_Brief_.
Pull out of the data below the stretch of lines bounded by the one containing "(forall a b, a" and the one containing "rewrite in_set1; apply/idP/eqP=>", both bounds included, unchanged.

_Material for this exercise_.

####

(* For every graph $G=(V,E)$ with at least one edge, $av_1(G)\ge 2$. Equality holds if and only if $N(u)\cup N(v)=V$ for every edge $uv\in E$. In particular, for $n\ge 2$ the star $S_n$ is the unique $n$-vertex tree minimising $av_1$, and it is one of the $n$-vertex graphs with at least one edge minimising $av_1$.
   Context: All graphs are finite and simple. For a graph $G=(V,E)$, a set $S\subseteq V$ is a $1$-nearly independent vertex set if the subgraph induced by $S$ has exactly one edge. $\sigma_1(G)$ is the number of such sets, $S_1(G)$ the sum of their sizes, and $av_1(G)=S_1(G)/\sigma_1(G)$. $N(v)$ is the set of neighbours of $v$. $S_n$ is the star on $n$ vertices. *)

From HB Require Import structures.
From mathcomp Require Import all_boot all_order all_algebra.
Set Implicit Arguments. Unset Strict Implicit. Unset Printing Implicit Defensive.
Import Order.TTheory GRing.Theory Num.Theory.

(* A finite simple graph is a symmetric irreflexive relation e on a finType T. *)

Section NearlyIndep.
Variables (T : finType) (e : rel T).

Definition induced_edges (S : {set T}) : {set {set T}} :=
  [set U : {set T} | (U \subset S) &&
     [exists x : T, exists y : T, (U == [set x; y]) && e x y]].

Definition nearly_indep1 (S : {set T}) : bool := #|induced_edges S| == 1%N.

Definition sigma1 : nat := #|[set S : {set T} | nearly_indep1 S]|.
Definition S1 : nat := \sum_(S : {set T} | nearly_indep1 S) #|S|.
Definition av1 : rat := (S1%:R / sigma1%:R)%R.

Definition nbhd (v : T) : {set T} := [set u | e v u].

Definition has_edge : Prop := exists u v, e u v.

Definition connected_graph : Prop := forall x y, connect e x y.
Definition acyclic : Prop :=
  ~ exists p : seq T, [&& uniq p, 2 < size p & cycle e p].
Definition is_tree : Prop := connected_graph /\ acyclic.
End NearlyIndep.

Definition star (n : nat) : rel 'I_n :=
  fun x y => (x != y) && ((val x == 0%N) || (val y == 0%N)).

Definition isomorphic (T : finType) (e e' : rel T) : Prop :=
  exists f : T -> T, bijective f /\ forall x y, e x y = e' (f x) (f y).
Arguments star n x y : clear implicits.

From mathcomp Require Import all_boot all_algebra all_fingroup.
Import GRing.Theory Num.Theory.
Set Implicit Arguments. Unset Strict Implicit. Unset Printing Implicit Defensive.

(* A 1-nearly independent set contains its unique edge, so it has at least two
   vertices and av_1 = 2 + (sum over these sets of |S| - 2) / sigma_1 >= 2, with
   equality iff every such set is a single edge.  A vertex w outside N(u) u N(v)
   makes {u, v, w} such a set of size 3; conversely, if N(u) u N(v) = V, any
   further vertex of a set whose only edge is uv would create a second edge.
   In an acyclic graph all of whose edges dominate, the absence of triangles and
   4-cycles forces a vertex adjacent to all others, i.e. the graph is a star. *)

Section NearlyIndependent.
Variables (T : finType) (e : rel T).
Hypotheses (esym : symmetric e) (eirr : irreflexive e).

Lemma edge_neq x y : e x y -> x != y.
Proof. by apply: contraTneq => ->; rewrite eirr. Qed.

Lemma card_edge x y : e x y -> #|[set x; y]| = 2.
Proof. by move=> exy; rewrite cards2 edge_neq. Qed.

Lemma set2_in_induced_edges (S : {set T}) x y :
  e x y -> x \in S -> y \in S -> [set x; y] \in induced_edges e S.
Proof.
move=> exy xS yS; rewrite inE subUset !sub1set xS yS /=.
by apply/existsP; exists x; apply/existsP; exists y; rewrite eqxx.
Qed.

Lemma nearly_indep1P (S : {set T}) : nearly_indep1 e S ->
  exists x y, [/\ e x y, x \in S, y \in S &
    forall a b, a \in S -> b \in S -> e a b -> [set a; b] = [set x; y]].
Proof.
case/cards1P=> U inducedE.
have : U \in induced_edges e S by rewrite inducedE set11.
rewrite inE => /andP[/subsetP sUS /existsP[x /existsP[y /andP[/eqP Uxy exy]]]].
exists x, y; split=> [||| a b aS bS eab] //; try by apply: sUS; rewrite Uxy !inE eqxx ?orbT.
by apply/eqP; rewrite -Uxy -in_set1 -inducedE set2_in_induced_edges.
Qed.

Lemma nearly_indep1_of_unique_edge (S : {set T}) x y :
  e x y -> x \in S -> y \in S ->
  (forall a b, a \in S -> b \in S -> e a b -> [set a; b] = [set x; y]) ->
  nearly_indep1 e S.
Proof.
move=> exy xS yS uniq_edge; apply/cards1P; exists [set x; y]; apply/setP=> U.
rewrite in_set1; apply/idP/eqP=> [|->]; last exact: set2_in_induced_edges.
rewrite inE => /andP[sUS /existsP[a /existsP[b /andP[/eqP Uab eab]]]].
rewrite Uab in sUS *; apply: uniq_edge => //; apply: (subsetP sUS).
  by rewrite set21.
by rewrite set22.
Qed.

Lemma nearly_indep1_card (S : {set T}) : nearly_indep1 e S -> 2 <= #|S|.
Proof.
case/nearly_indep1P=> x [y [exy xS yS _]].
by rewrite -(card_edge exy) subset_leq_card // subUset !sub1set xS yS.
Qed.

Lemma nearly_indep1_edge u v : e u v -> nearly_indep1 e [set u; v].
Proof.
move=> euv; apply: (nearly_indep1_of_unique_edge euv); rewrite ?set21 ?set22 //.
by move=> a b; rewrite !inE => /orP[]/eqP-> /orP[]/eqP->; rewrite ?eirr // setUC.
Qed.

Lemma sigma1_gt0 : has_edge e -> 0 < sigma1 e.
Proof.
case=> u [v euv]; rewrite card_gt0; apply/set0Pn.
by exists [set u; v]; rewrite inE nearly_indep1_edge.
Qed.

Definition excess1 : nat := \sum_(S : {set T} | nearly_indep1 e S) (#|S| - 2).

Lemma S1_excess1 : S1 e = excess1 + 2 * sigma1 e.
Proof.
have -> : sigma1 e = \sum_(S : {set T} | nearly_indep1 e S) 1.
  by rewrite /sigma1 -sum1_card; apply: eq_bigl => S; rewrite inE.
rewrite big_distrr -big_split /=; apply: eq_bigr => S /nearly_indep1_card.
by rewrite muln1 => /subnK.
Qed.

Lemma excess1_eq0P :
  reflect (forall S, nearly_indep1 e S -> #|S| = 2) (excess1 == 0).
Proof.
rewrite sum_nat_eq0; apply: (iffP forall_inP) => [card2 S niS | card2 S niS].
  by apply/eqP; rewrite eqn_leq -subn_eq0 card2 // nearly_indep1_card.
by rewrite card2.
Qed.

Definition dominating_edge u v := nbhd e u :|: nbhd e v = [set: T].

Lemma nearly_indep1_set3 u v w :
  e u v -> ~~ e u w -> ~~ e v w -> nearly_indep1 e [set u; v; w].
Proof.
move=> euv nuw nvw; apply: (nearly_indep1_of_unique_edge euv); rewrite ?inE ?eqxx ?orbT //.
move=> a b; rewrite !inE -!orbA => /or3P[]/eqP-> /or3P[]/eqP->;
  rewrite ?eirr ?(esym w) ?(negbTE nuw) ?(negbTE nvw) // => _; exact: setUC.
Qed.

Lemma card_set3_edge u v w :
  e u v -> ~~ e u w -> ~~ e v w -> #|[set u; v; w]| = 3.
Proof.
move=> euv nuw nvw.
have wu : w != u by apply: contraNneq nvw => ->; rewrite esym.
have wv : w != v by apply: contraNneq nuw => ->.
by rewrite setUC cardsU1 card_edge // !inE negb_or wu wv.
Qed.

Lemma dominating_edgeP u v :
  dominating_edge u v <-> forall w, e u w || e v w.
Proof.
by split=> [/setP dom w | dom]; [move: (dom w) | apply/setP=> w]; rewrite !inE ?dom.
Qed.

Lemma nearly_indep1_card2P :
  (forall S, nearly_indep1 e S -> #|S| = 2) <->
  (forall u v, e u v -> dominating_edge u v).
Proof.
split=> [card2 u v euv | dom S].
  apply/dominating_edgeP => w; apply/negPn/negP; rewrite negb_or => /andP[nuw nvw].
  by move: (card2 _ (nearly_indep1_set3 euv nuw nvw)); rewrite card_set3_edge.
case/nearly_indep1P=> x [y [exy xS yS uniq_edge]].
suff -> : S = [set x; y] by rewrite card_edge.
apply/eqP; rewrite eqEsubset andbC subUset !sub1set xS yS /=.
apply/subsetP=> z zS; have /orP[exz|eyz] := (dominating_edgeP x y).1 (dom _ _ exy) z.
  by rewrite -(uniq_edge _ _ xS zS exz) !inE eqxx orbT.
by rewrite -(uniq_edge _ _ yS zS eyz) !inE eqxx orbT.
Qed.

Local Open Scope ring_scope.

Lemma av1_excess1 : has_edge e -> av1 e = excess1%:R / (sigma1 e)%:R + 2.
Proof.
move=> /sigma1_gt0 sigma_gt0; rewrite /av1 S1_excess1 natrD natrM mulrDl mulfK //.
by rewrite pnatr_eq0 -lt0n.
Qed.

Lemma av1_ge2 : has_edge e -> 2 <= av1 e.
Proof. by move=> he; rewrite av1_excess1 // lerDr divr_ge0. Qed.

Lemma av1_eq2P : has_edge e ->
  av1 e = 2 <-> (forall u v, e u v -> dominating_edge u v).
Proof.
move=> he; apply: iff_trans nearly_indep1_card2P; rewrite av1_excess1 //.
have sigma_neq0 : (sigma1 e)%:R != 0 :> rat by rewrite pnatr_eq0 -lt0n sigma1_gt0.
split=> [/eqP | /excess1_eq0P/eqP->]; last by rewrite mul0r add0r.
rewrite -subr_eq0 addrK mulf_eq0 invr_eq0 (negbTE sigma_neq0) orbF pnatr_eq0.
exact: excess1_eq0P.
Qed.
End NearlyIndependent.

Section Centred.
Variables (T : finType) (e : rel T) (c : T).

Definition centred_at := forall x y, e x y = (x != y) && ((x == c) || (y == c)).

Hypothesis centred : centred_at.

Lemma centred_sym : symmetric e.
Proof. by move=> x y; rewrite !centred eq_sym orbC. Qed.

Lemma centred_irr : irreflexive e.
Proof. by move=> x; rewrite centred eqxx. Qed.

Lemma centred_dominating u v : e u v -> dominating_edge e u v.
Proof.
rewrite centred => /andP[uv uvc]; apply/dominating_edgeP => w; rewrite !centred.
have [->|wc] := eqVneq w c; rewrite ?eqxx ?orbT ?andbT ?orbF.
  by apply: contraTT uv; rewrite negb_or !negbK => /andP[/eqP-> /eqP->].
by case/orP: uvc => /eqP->; rewrite eqxx (eq_sym c) wc ?orbT.
Qed.

Lemma centred_path_mid a b d : e a b -> e b d -> a != d -> b = c.
Proof.
rewrite !centred => /andP[_ /orP[/eqP ac|/eqP //]] /andP[_ /orP[/eqP //|/eqP dc]].
by rewrite ac dc eqxx.
Qed.

Lemma centred_acyclic : acyclic e.
Proof.
case=> p /and3P[]; case: p => [|a [|b [|d [|x q]]]] //=; rewrite !inE.
  move=> /and3P[/norP[ab ad] bd _] _ /and4P[eab ebd eda _].
  have ba : b != a by rewrite eq_sym.
  by move: bd; rewrite (centred_path_mid eab ebd ad) (centred_path_mid ebd eda ba) eqxx.
move=> /and3P[/norP[_ /norP[ad _]] /norP[bd /norP[bx _]] _] _ /and4P[eab ebd edx _].
by move: bd; rewrite (centred_path_mid eab ebd ad) (centred_path_mid ebd edx bx) eqxx.
Qed.

Lemma centred_connected : connected_graph e.
Proof.
have edge_c z : z != c -> e z c && e c z.
  by rewrite !centred eqxx !orbT (eq_sym c) !andbT andbb.
move=> x y; apply: (@connect_trans _ _ c).
  by have [->|/edge_c/andP[xc _]] := eqVneq x c; [exact: connect0 | exact: connect1].
by have [->|/edge_c/andP[_ cy]] := eqVneq y c; [exact: connect0 | exact: connect1].
Qed.
End Centred.

Lemma centred_isomorphic (T : finType) (e e' : rel T) c c' :
  centred_at e c -> centred_at e' c' -> isomorphic e e'.
Proof.
move=> ce ce'; exists (tperm c c'); split; first exact: (injF_bij perm_inj).
have tperm_eq x : (tperm c c' x == c') = (x == c).
  by rewrite -[X in _ == X](tpermL c c') (inj_eq perm_inj).
by move=> x y; rewrite ce ce' !tperm_eq (inj_eq perm_inj).
Qed.

Section Acyclic.
Variables (T : finType) (e : rel T).
Hypotheses (esym : symmetric e) (eirr : irreflexive e) (acyc : acyclic e).

Lemma acyclic_no_triangle a b c : e a b -> e b c -> e c a -> False.
Proof.
move=> eab ebc eca; apply: acyc; exists [:: a; b; c].
rewrite /= !inE negb_or eab ebc eca !(edge_neq eirr) //.
by rewrite esym.
Qed.

Lemma acyclic_no_square a b c d :
  e a b -> e b c -> e c d -> e d a -> a != c -> b != d -> False.
Proof.
move=> eab ebc ecd eda ac bd; apply: acyc; exists [:: a; b; c; d].
rewrite /= !inE !negb_or eab ebc ecd eda ac bd !(edge_neq eirr) //.
by rewrite esym.
Qed.

Lemma acyclic_dominating_centred u v : e u v ->
  (forall x y, e x y -> dominating_edge e x y) -> exists c, centred_at e c.
Proof.
move=> euv dom.
have dom_or x y z : e x y -> e x z || e y z by move/dom/dominating_edgeP.
(* Either u is the centre, or some w is not adjacent to u, hence adjacent to v,
   and then v is the centre: a non-neighbour z of v closes the 4-cycle u z w v. *)
have [c c_adj] : exists c, forall z, z != c -> e c z.
  case: (pickP (fun w => (w != u) && ~~ e u w)) => [w /andP[wu nuw] | u_adj]; last first.
    by exists u => z zu; move: (u_adj z); rewrite /= zu => /negbFE.
  exists v => z zv; apply/negPn/negP => nvz.
  have evw : e v w by move: (dom_or _ _ w euv); rewrite (negbTE nuw).
  have euz : e u z by move: (dom_or _ _ z euv); rewrite (negbTE nvz) orbF.
  have ezw : e z w by move: (dom_or _ _ w euz); rewrite (negbTE nuw).
  by apply: (acyclic_no_square euz ezw _ _ _ zv); rewrite 1?esym // eq_sym.
exists c => x y; apply/idP/andP => [exy | [xy /orP[]/eqP ?]]; subst.
- split; first exact: (edge_neq eirr exy).
  apply/negPn/negP; rewrite negb_or => /andP[xc yc].
  by apply: (acyclic_no_triangle (c_adj x xc) exy); rewrite esym c_adj.
- by rewrite c_adj // eq_sym.
- by rewrite esym c_adj.
Qed.
End Acyclic.

Lemma star_centred n : centred_at (star n.+1) ord0.
Proof. by []. Qed.

Lemma connected_has_edge (T : finType) (e : rel T) (x y : T) :
  connected_graph e -> x != y -> has_edge e.
Proof.
move=> conn xy; case/connectP: (conn x y) => [[|z p] /= xp yE].
  by rewrite yE eqxx in xy.
by case/andP: xp => exz _; exists x, z.
Qed.

Local Open Scope ring_scope.

Theorem mainTheorem7 :
  (forall (T : finType) (e : rel T),
      symmetric e -> irreflexive e -> has_edge e ->
      (2 <= av1 e)%R /\
      (av1 e = 2 <->
         forall u v, e u v -> nbhd e u :|: nbhd e v = [set: T]))
  /\
  (forall n : nat, (2 <= n)%N ->
      is_tree (star n) /\
      (forall e : rel 'I_n, symmetric e -> irreflexive e -> is_tree e ->
         (av1 (star n) <= av1 e)%R /\
         (av1 e = av1 (star n) -> isomorphic e (star n))) /\
      has_edge (star n) /\
      (forall e : rel 'I_n, symmetric e -> irreflexive e -> has_edge e ->
         (av1 (star n) <= av1 e)%R)).
Proof.
split=> [T e esym eirr he | [|[|m]] // _]; first by split; [exact: av1_ge2 | exact: av1_eq2P].
have star_c := @star_centred m.+1.
have star_av1 : av1 (star m.+2) = 2.
  apply/(av1_eq2P (centred_sym star_c) (centred_irr star_c)); first by exists ord0, ord_max.
  exact: centred_dominating.
split; first exact: conj (centred_connected star_c) (centred_acyclic star_c).
split; last by split=> [|e esym eirr he]; [exists ord0, ord_max | rewrite star_av1 av1_ge2].
move=> e esym eirr [conn acyc]; rewrite star_av1.
have he : has_edge e := connected_has_edge (x := ord0) (y := ord_max) conn isT.
split=> [|/(av1_eq2P esym eirr he) dom]; first exact: av1_ge2.
have [u [v euv]] := he.
have [c ce] := acyclic_dominating_centred esym eirr acyc euv dom.
exact: centred_isomorphic ce star_c.
Qed.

####

_Exercise answer_.
  (forall a b, a \in S -> b \in S -> e a b -> [set a; b] = [set x; y]) ->
  nearly_indep1 e S.
Proof.
move=> exy xS yS uniq_edge; apply/cards1P; exists [set x; y]; apply/setP=> U.
rewrite in_set1; apply/idP/eqP=> [|->]; last exact: set2_in_induced_edges.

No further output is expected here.